For that which you love most in him may be clearer in his absence, as the mountain to the climber is clearer from the plain.

And let there be no purpose in friendship save the deepening of the spirit.

For love that seeks aught but the disclosure of its own mystery is not love but a net cast forth: and only the unprofitable is caught.

And let your best be for your friend.

If he must know the ebb of your tide, let him know its flood also.

For what is your friend that you should seek him with hours to kill?

Seek him always with hours to live.

For it is his to fill your need, but not your emptiness.

And in the sweetness of friendship let there be laughter, and sharing of pleasures.

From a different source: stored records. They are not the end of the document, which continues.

Lemma jdist_pred t i u j : t <= 3 -> u <= 3 -> i < n -> j < n -> ~ (u = t /\ j = i) ->
  exists tw jw, [/\ tw <= 3, jw < n, jarc n tw jw u j \/ jarc n u j tw jw
                 & (jdist n t i tw jw + 1 = jdist n t i u j)%Z].
Proof.
move=> t3 u3 i_n; case: j => [|j] j_n ne; last have [jm|jm] := eqVneq j.+1 m.
- case_le3 u.
  + closer_neighbour 0 1 0 m 1 0.
  + closer_neighbour 0 0 2 0 3 0.
  + closer_neighbour 1 0 2 1 3 m.
  + closer_neighbour 1 0 3 1 2 m.
- case_le3 u.
  + closer_neighbour 0 0 0 j 1 j.+1.
  + closer_neighbour 0 j.+1 2 j.+1 3 j.+1.
  + closer_neighbour 1 j.+1 3 0 2 j.
  + closer_neighbour 1 j.+1 2 0 3 j.
- case_le3 u.
  + closer_neighbour 0 j.+2 0 j 1 j.+1.
  + closer_neighbour 0 j.+1 2 j.+1 3 j.+1.
  + closer_neighbour 1 j.+1 2 j.+2 2 j.
  + closer_neighbour 1 j.+1 3 j.+2 3 j.
Qed.

Definition vtx (t i : nat) : Jvert n := (inord t, inord i).

Lemma vtx_fst t i : t <= 3 -> (vtx t i).1 = t :> nat.
Proof. exact: inordK. Qed.

Lemma vtx_snd t i : i < n -> (vtx t i).2 = i :> nat.
Proof. exact: inordK. Qed.

Lemma vtxK (v : Jvert n) : vtx v.1 v.2 = v.
Proof. by case: v => t i; rewrite /vtx !inord_val. Qed.

Lemma fst_le3 (v : Jvert n) : v.1 <= 3.
Proof. by rewrite -ltnS ltn_ord. Qed.

Lemma Jvert_neq (u v : Jvert n) : u != v -> ~ (u.1 = v.1 :> nat /\ u.2 = v.2 :> nat).
Proof.
move=> uv [/val_inj E1 /val_inj E2]; move: uv.
by rewrite [u]surjective_pairing E1 E2 -surjective_pairing eqxx.
Qed.

Lemma Jarc_jarc (u v : Jvert n) : Jarc u v <-> jarc n u.1 u.2 v.1 v.2.
Proof.
case: u v => [[t t4] [i i_n]] [[u u4] [j j_n]]; rewrite /Jarc /jarc /=.
have -> : (j == i.+1 %% n) = (j == i.+1) && (i.+1 < n) || (j == 0) && (i.+1 == n).
  have [lt|->] : i.+1 < n \/ i.+1 = n by lia.
    by rewrite modn_small // lt (ltn_eqF lt) andbT andbF orbF.
  by rewrite modnn ltnn eqxx andbF andbT.
by case_le3 t; case_le3 u; rewrite /= ?orbF ?andbF ?andbT; split; lia.
Qed.

Lemma Jadj_jarc (u v : Jvert n) :
  Jadj u v <-> jarc n u.1 u.2 v.1 v.2 \/ jarc n v.1 v.2 u.1 u.2.
Proof. by rewrite /Jadj -!Jarc_jarc; split => [/orP|[] ->]; rewrite ?orbT. Qed.

Definition vdist (u v : Jvert n) : Z := jdist n u.1 u.2 v.1 v.2.

Lemma gdist_Jn (u v : Jvert n) : Z.of_nat (gdist (@Jadj n) u v) = vdist u v.
Proof.
have vdist_bounds w : (0 <= vdist u w <= Z.of_nat n + 2)%Z.
  exact: jdist_bounds (fst_le3 u) (fst_le3 w) (ltn_ord u.2) (ltn_ord w.2).
suff -> : gdist (@Jadj n) u v = Z.to_nat (vdist u v).
  by rewrite Z2Nat.id //; case: (vdist_bounds v).
apply: (@gdist_potential _ _ u (fun w => Z.to_nat (vdist u w)))
  => [|w w' /Jadj_jarc arc | w wu | w].
- by rewrite /vdist jdist_refl ?fst_le3.
- have : (vdist u w' <= vdist u w + 1)%Z := jdist_lipschitz (fst_le3 u) (fst_le3 w)
    (fst_le3 w') (ltn_ord u.2) (ltn_ord w.2) (ltn_ord w'.2) arc.
  by have := vdist_bounds w; have := vdist_bounds w'; lia.
- have [tw [jw [tw3 jw_n arc E]]] :=
    jdist_pred (fst_le3 u) (fst_le3 w) (ltn_ord u.2) (ltn_ord w.2) (Jvert_neq wu).
  exists (vtx tw jw); first by apply/Jadj_jarc; rewrite vtx_fst // vtx_snd.
  have : (vdist u (vtx tw jw) + 1 = vdist u w)%Z by rewrite /vdist vtx_fst // vtx_snd.
  by have := vdist_bounds w; have := vdist_bounds (vtx tw jw); lia.
- by rewrite card_prod !card_ord; have := vdist_bounds w; lia.
Qed.

Lemma mem_nearer_Jn (s y x1 x2 : Jvert n) :
  s \in nearer (@Jadj n) y x1 x2 <-> (vdist s y < vdist s x1 /\ vdist s y < vdist s x2)%Z.
Proof. by rewrite inE -!gdist_Jn; split => [/andP [] | []]; lia. Qed.

Definition slice (S : {set Jvert n}) (t : nat) : {set 'I_n} := [set i : 'I_n | vtx t i \in S].

Lemma card_Jn_slices (S : {set Jvert n}) :
  #|S| = #|slice S 0| + #|slice S 1| + #|slice S 2| + #|slice S 3|.
Proof.
rewrite card_slices !big_ord_recl big_ord0 addn0 !addnA.
have sliceE (t : 'I_4) : [set i | (t, i) \in S] = slice S t.
  by apply/setP => i; rewrite !inE /vtx !inord_val.
by rewrite !sliceE.
Qed.

End FlowerSnark.

(** * Vertices forced into a 2-solid-resolving set *)

Definition forces (n ty iy : nat) (P : nat -> nat -> Prop) : Prop :=
  exists t1 i1 t2 i2, [/\ t1 <= 3, i1 < n, t2 <= 3 & i2 < n] /\
    ~ (t1 = ty /\ i1 = iy) /\ ~ (t2 = ty /\ i2 = iy) /\
    forall t j, t <= 3 -> j < n -> (jdist n t j ty iy < jdist n t j t1 i1)%Z ->
      (jdist n t j ty iy < jdist n t j t2 i2)%Z -> P t j.

Ltac forced_by t1 i1 t2 i2 :=
  exists t1, i1, t2, i2; split; [by split; lia | split; [lia | split; [lia |]]];
  let t := fresh "t" in move=> t j t3 *; case_type t; lia.

Section Forcing.
Variable m : nat.
Hypothesis m_ge4 : 4 <= m.
Local Notation n := m.+1.

Lemma forced_vertex (S : {set Jvert n}) ty iy P : solid2_resolving (@Jadj n) S ->
  ty <= 3 -> iy < n -> forces n ty iy P -> exists2 s, s \in S & P s.1 s.2.
Proof.
move=> /solid2_resolvingP sepS ty3 iy_n [t1 [i1 [t2 [i2 [[t13 i1n t23 i2n] [ne1 [ne2 sep]]]]]]].
have vtx_neq t i : t <= 3 -> i < n -> ~ (t = ty /\ i = iy) -> vtx m t i != vtx m ty iy.
  move=> t3 i_n ne; apply: contra_notN ne => /eqP.
  move/(congr1 (fun v : Jvert n => (v.1 : nat, v.2 : nat))).
  by rewrite /= !vtx_fst ?vtx_snd // => -[].
have [s sS /(mem_nearer_Jn m_ge4) []] :=
  sepS _ _ _ (vtx_neq _ _ t13 i1n ne1) (vtx_neq _ _ t23 i2n ne2).
rewrite /vdist !vtx_fst ?vtx_snd // => lt1 lt2.
by exists s => //; apply: sep (fst_le3 s) (ltn_ord s.2) lt1 lt2.
Qed.

Lemma forces_ab i : i < n -> forces n 1 i (fun t j => (t = 0 \/ t = 1) /\ j = i).
Proof.
case: i => [|i] i_n; first by forced_by 2 1 2 m.
have [im|im] := eqVneq i.+1 m; first by forced_by 3 0 3 i.
by forced_by 2 i.+2 3 i.
Qed.

Lemma forces_bc i : i < n -> forces n 1 i (fun t j => (t = 1 \/ t = 2) /\ j = i).
Proof.
case: i => [|i] i_n; first by forced_by 0 1 2 m.
have [im|im] := eqVneq i.+1 m; first by forced_by 0 0 3 i.
by forced_by 0 i.+2 3 i.
Qed.

Lemma forces_bd i : i < n -> forces n 1 i (fun t j => (t = 1 \/ t = 3) /\ j = i).
Proof.
case: i => [|i] i_n; first by forced_by 0 1 3 m.
have [im|im] := eqVneq i.+1 m; first by forced_by 0 0 2 i.
by forced_by 0 i.+2 2 i.
Qed.

End Forcing.

Section OddFlowerSnark.
Variable h : nat.
Hypothesis h_ge2 : 2 <= h.
Local Notation n := (h + h).+1.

For in the dew of little things the heart finds its morning and is refreshed.

The poem is taken from 'The Prophet' a famous scholary work of Kahlil Gibran.


Out of the night that covers me,
Black as the pit from pole to pole,
I thank whatever gods may be
For my unconquerable soul.

In the fell clutch of circumstance
I have not winced nor cried aloud.
Under the bludgeonings of chance
My head is bloody, but unbowed.

Beyond this place of wrath and tears
Looms but the Horror of the shade,
And yet the menace of the years
Finds and shall find me unafraid.

It matters not how strait the gate,
How charged with punishments the scroll,
I am the master of my fate:
I am the captain of my soul.

"Invictus" is a short poem by the English poet William Ernest Henley (1849–1903).